(* Let $V$ be a finite set, $f:2^V\to\mathbb{R}_+$ nonnegative submodular with $f(\emptyset)=0$, $t_1,\ldots,t_k\in V$ distinct, and $\mathbf{x}=(x_{i,j})_{i\in[k],j\in V}$ with $x_{i,j}\ge0$, $\sum_{i=1}^k x_{i,j}=1$ for all $j\in V$, and $x_{i,t_i}=1$ for all $i$. For $\theta\in[0,1]$ let $A_i(\theta)=\{j: x_{i,j}>\theta\}$ and $B(\theta)=\{j: 1-\max_i x_{i,j}\ge\theta\}$. Then $$\sum_{i=1}^k\int_0^{1/2} f(A_i(\theta))\,d\theta\ \ge\ \sum_{i=1}^k\int_0^{1/2} f(A_i(\theta)\cup B(\theta))\,d\theta-(k-2)\int_0^{1/2} f(B(\theta))\,d\theta.$$ *)

From Stdlib Require Import Reals.
From Coquelicot Require Import Coquelicot.
From mathcomp Require Import all_boot.
Set Implicit Arguments. Unset Strict Implicit. Unset Printing Implicit Defensive.

Open Scope R_scope.

Definition Rltb (a b : R) : bool := if Rlt_dec a b then true else false.
Definition Rleb (a b : R) : bool := if Rle_dec a b then true else false.

Definition Rsum (k : nat) (F : 'I_k -> R) : R := \big[Rplus/0]_(i < k) F i.
Definition Rmaxi (k : nat) (F : 'I_k -> R) : R := \big[Rmax/0]_(i < k) F i.

Definition submodular (V : finType) (f : {set V} -> R) : Prop :=
  forall A B : {set V}, f (A :|: B) + f (A :&: B) <= f A + f B.

Definition Aset (V : finType) (k : nat) (x : 'I_k -> V -> R) (i : 'I_k) (th : R)
  : {set V} := [set j | Rltb th (x i j)].

Definition Bset (V : finType) (k : nat) (x : 'I_k -> V -> R) (th : R) : {set V} :=
  [set j | Rleb th (1 - Rmaxi (fun i => x i j))].

(* Order V by decreasing c j = 1 - max_i x i j and let y j be the marginal value of j over
   its predecessors. By submodularity, the sum of y over any set S is at most f S, with
   equality on initial segments, and every B(theta) is an initial segment. Integrating over
   theta in [0, 1/2], the element j contributes y j * min (x i j) (c j) (1/2) to the integral
   of f (A_i(theta) :&: B(theta)), and these contributions sum over i to
   2 * y j * min (c j) (1/2), its contribution to twice the integral of f (B(theta)). Adding
   f (A :|: B) + f (A :&: B) <= f A + f B over i gives the theorem. *)

From HB Require Import structures.

From Stdlib Require Import Reals Lra.
From Coquelicot Require Import Coquelicot.
From mathcomp Require Import all_boot.

Set Implicit Arguments.
Unset Strict Implicit.
Unset Printing Implicit Defensive.

Open Scope R_scope.

HB.instance Definition _ := Monoid.isComLaw.Build R 0 Rplus
  (fun a b c => esym (Rplus_assoc a b c)) Rplus_comm Rplus_0_l.
HB.instance Definition _ := Monoid.isMulLaw.Build R 0 Rmult Rmult_0_l Rmult_0_r.
HB.instance Definition _ :=
  Monoid.isAddLaw.Build R Rmult Rplus Rmult_plus_distr_r Rmult_plus_distr_l.

Lemma RltbP a b : reflect (a < b) (Rltb a b).
Proof. by rewrite /Rltb; case: Rlt_dec => h; constructor. Qed.

Lemma RlebP a b : reflect (a <= b) (Rleb a b).
Proof. by rewrite /Rleb; case: Rle_dec => h; constructor. Qed.

Lemma Rmin_Rmax_open a b t : a <= b -> Rmin a b < t < Rmax a b -> a < t < b.
Proof. by move=> ab; rewrite Rmin_left ?Rmax_right. Qed.

Lemma ex_RInt_step (I : eqType) (p : I -> R) (h : R -> R) (s : seq I) :
  forall a b, a <= b ->
  (forall t1 t2, a < t1 -> t1 <= t2 -> t2 < b ->
     (forall i, i \in s -> ~ t1 <= p i <= t2) -> h t1 = h t2) ->
  ex_RInt h a b.
Proof.
elim: s => [|i s IH] a b ab hconst.
  have [<-|ne] := Req_dec a b; first exact: ex_RInt_point.
  apply: (ex_RInt_ext (fun=> h ((a + b) / 2))); last exact: ex_RInt_const.
  move=> t /(Rmin_Rmax_open ab) ht.
  case: (Rle_dec t ((a + b) / 2)) => tm; [symmetry|]; apply: hconst; try lra; by [].
have restrict a' b' : a <= a' -> b' <= b -> ~ a' < p i < b' ->
    forall t1 t2, a' < t1 -> t1 <= t2 -> t2 < b' ->
    (forall i', i' \in s -> ~ t1 <= p i' <= t2) -> h t1 = h t2.
  move=> aa' bb' out t1 t2 ? ? ? avoid; apply: hconst; try lra.
  by move=> i'; rewrite in_cons => /orP[/eqP-> | /avoid//]; lra.
case: (Rlt_dec a (p i)) => ai; case: (Rlt_dec (p i) b) => ib.
- by apply: (ex_RInt_Chasles _ _ (p i)); apply: IH; try apply: restrict; lra.
all: by apply: IH => //; apply: restrict; lra.
Qed.

Definition piecewise_constant (I : finType) (p : I -> R) (T : Type) (g : R -> T) :=
  forall t1 t2, t1 <= t2 -> (forall i, ~ t1 <= p i <= t2) -> g t1 = g t2.

Lemma ex_RInt_piecewise_constant (I : finType) (p : I -> R) (h : R -> R) a b :
  a <= b -> piecewise_constant p h -> ex_RInt h a b.
Proof.
move=> ab hconst; apply: (@ex_RInt_step _ p h (enum I)) => // t1 t2 _ t12 _ avoid.
by apply: hconst => // i; apply: avoid; rewrite mem_enum.
Qed.

Lemma RInt_indicator (P : R -> bool) v a m b : a <= m <= b ->
  (forall t, a < t < m -> P t) -> (forall t, m < t < b -> ~~ P t) ->
  RInt (fun t => if P t then v else 0) a b = v * (m - a).
Proof.
move=> amb below above.
have on_left : forall t, Rmin a m < t < Rmax a m -> (if P t then v else 0) = v.
  by move=> t /Rmin_Rmax_open ht; rewrite below //; apply: ht; lra.
have on_right : forall t, Rmin m b < t < Rmax m b -> (if P t then v else 0) = 0.
  by move=> t /Rmin_Rmax_open ht; rewrite (negbTE (above t _)) //; apply: ht; lra.
rewrite -(RInt_Chasles _ a m b).
- rewrite (RInt_ext _ _ _ _ on_left) (RInt_ext _ _ _ _ on_right) !RInt_const.
  rewrite /plus /scal /= /mult /=; ring.
- by apply: (ex_RInt_ext (fun=> v)) (ex_RInt_const _ _ _) => t /on_left.
- by apply: (ex_RInt_ext (fun=> 0)) (ex_RInt_const _ _ _) => t /on_right.
Qed.

Lemma RInt_big (I : Type) (r : seq I) (F : I -> R -> R) a b :
  (forall j, ex_RInt (F j) a b) ->
  ex_RInt (fun t => \big[Rplus/0]_(j <- r) F j t) a b /\
  RInt (fun t => \big[Rplus/0]_(j <- r) F j t) a b = \big[Rplus/0]_(j <- r) RInt (F j) a b.
Proof.
move=> exF; elim: r => [|j r [exr IH]].
  rewrite big_nil (RInt_ext _ (fun=> 0)) => [|t _]; last by rewrite big_nil.
  split; last by rewrite RInt_const /scal /= /mult /=; ring.
  by apply: (ex_RInt_ext (fun=> 0)) (ex_RInt_const _ _ _) => t _; rewrite big_nil.
pose G t := plus (F j t) (\big[Rplus/0]_(j <- r) F j t).
rewrite big_cons -IH (RInt_ext _ G) => [|t _]; last by rewrite big_cons.
split; last exact: RInt_plus.
by apply: (ex_RInt_ext G) => [t _|]; [rewrite big_cons | exact: ex_RInt_plus].
Qed.

Lemma RInt_big_in (V : finType) (S : R -> {set V}) (w : V -> R) a b :
  (forall j, ex_RInt (fun t => if j \in S t then w j else 0) a b) ->
  RInt (fun t => \big[Rplus/0]_(j in S t) w j) a b =
  \big[Rplus/0]_j RInt (fun t => if j \in S t then w j else 0) a b.
Proof.
move=> exS; rewrite -(proj2 (RInt_big _ exS)).
by apply: RInt_ext => t _; rewrite big_mkcond.
Qed.

Lemma RInt_add_le (g1 g2 h1 h2 : R -> R) a b : a <= b ->
  ex_RInt g1 a b -> ex_RInt g2 a b -> ex_RInt h1 a b -> ex_RInt h2 a b ->
  (forall t, a < t < b -> g1 t + g2 t <= h1 t + h2 t) ->
  RInt g1 a b + RInt g2 a b <= RInt h1 a b + RInt h2 a b.
Proof.
move=> ab ex1 ex2 ex3 ex4 le.
rewrite -[_ + RInt g2 a b](RInt_plus g1 g2) // -[_ + RInt h2 a b](RInt_plus h1 h2) //.
by apply: RInt_le => //; apply: ex_RInt_plus.
Qed.

Section FiniteSums.
Variables (k : nat) (X : 'I_k -> R).

Lemma Rsum_le (Y : 'I_k -> R) : (forall i, X i <= Y i) -> Rsum X <= Rsum Y.
Proof. by move=> le; apply: (big_ind2 Rle) => [|*|i _]; [lra | lra | apply: le]. Qed.

Lemma Rsum_add (Y : 'I_k -> R) : Rsum (fun i => X i + Y i) = Rsum X + Rsum Y.
Proof. exact: big_split. Qed.

Lemma Rsum_const (b : R) : Rsum (fun _ : 'I_k => b) = INR k * b.
Proof.
rewrite /Rsum big_const_ord; elim: (k) => [|n IHn]; first by rewrite /=; ring.
by rewrite iterS IHn S_INR; ring.
Qed.

Lemma Rmaxi_ub i : X i <= Rmaxi X.
Proof.
rewrite /Rmaxi; elim: (index_enum _) (mem_index_enum i) => // j s IH.
rewrite big_cons in_cons => /orP[/eqP<- | /IH le]; first exact: Rmax_l.
exact: Rle_trans le (Rmax_r _ _).
Qed.

Lemma Rmaxi_cases : Rmaxi X = 0 \/ exists i, Rmaxi X = X i.
Proof.
pose P v := v = 0 \/ exists i, v = X i.
apply: (big_ind P) => [|u v|i _]; [by left | exact: Rmax_case | by right; exists i].
Qed.

Hypotheses (X_ge0 : forall i, 0 <= X i) (X_sum1 : Rsum X = 1).

Lemma big_Rplus_ge0 (P : pred 'I_k) : 0 <= \big[Rplus/0]_(i < k | P i) X i.
Proof. by apply: (big_ind (Rle 0)) => [|*|i _]; [lra | lra | apply: X_ge0]. Qed.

----------------

Exercise details: Starting with the line with "split; last by" above and going on through the line with "Variables (k : nat) (X : 'I_k -> R).", transcribe every line exactly, both ends included, and add nothing.

Task output:
  split; last by rewrite RInt_const /scal /= /mult /=; ring.
  by apply: (ex_RInt_ext (fun=> 0)) (ex_RInt_const _ _ _) => t _; rewrite big_nil.
pose G t := plus (F j t) (\big[Rplus/0]_(j <- r) F j t).
rewrite big_cons -IH (RInt_ext _ G) => [|t _]; last by rewrite big_cons.
split; last exact: RInt_plus.
by apply: (ex_RInt_ext G) => [t _|]; [rewrite big_cons | exact: ex_RInt_plus].
Qed.

Lemma RInt_big_in (V : finType) (S : R -> {set V}) (w : V -> R) a b :
  (forall j, ex_RInt (fun t => if j \in S t then w j else 0) a b) ->
  RInt (fun t => \big[Rplus/0]_(j in S t) w j) a b =
  \big[Rplus/0]_j RInt (fun t => if j \in S t then w j else 0) a b.
Proof.
move=> exS; rewrite -(proj2 (RInt_big _ exS)).
by apply: RInt_ext => t _; rewrite big_mkcond.
Qed.

Lemma RInt_add_le (g1 g2 h1 h2 : R -> R) a b : a <= b ->
  ex_RInt g1 a b -> ex_RInt g2 a b -> ex_RInt h1 a b -> ex_RInt h2 a b ->
  (forall t, a < t < b -> g1 t + g2 t <= h1 t + h2 t) ->
  RInt g1 a b + RInt g2 a b <= RInt h1 a b + RInt h2 a b.
Proof.
move=> ab ex1 ex2 ex3 ex4 le.
rewrite -[_ + RInt g2 a b](RInt_plus g1 g2) // -[_ + RInt h2 a b](RInt_plus h1 h2) //.
by apply: RInt_le => //; apply: ex_RInt_plus.
Qed.

Section FiniteSums.
Variables (k : nat) (X : 'I_k -> R).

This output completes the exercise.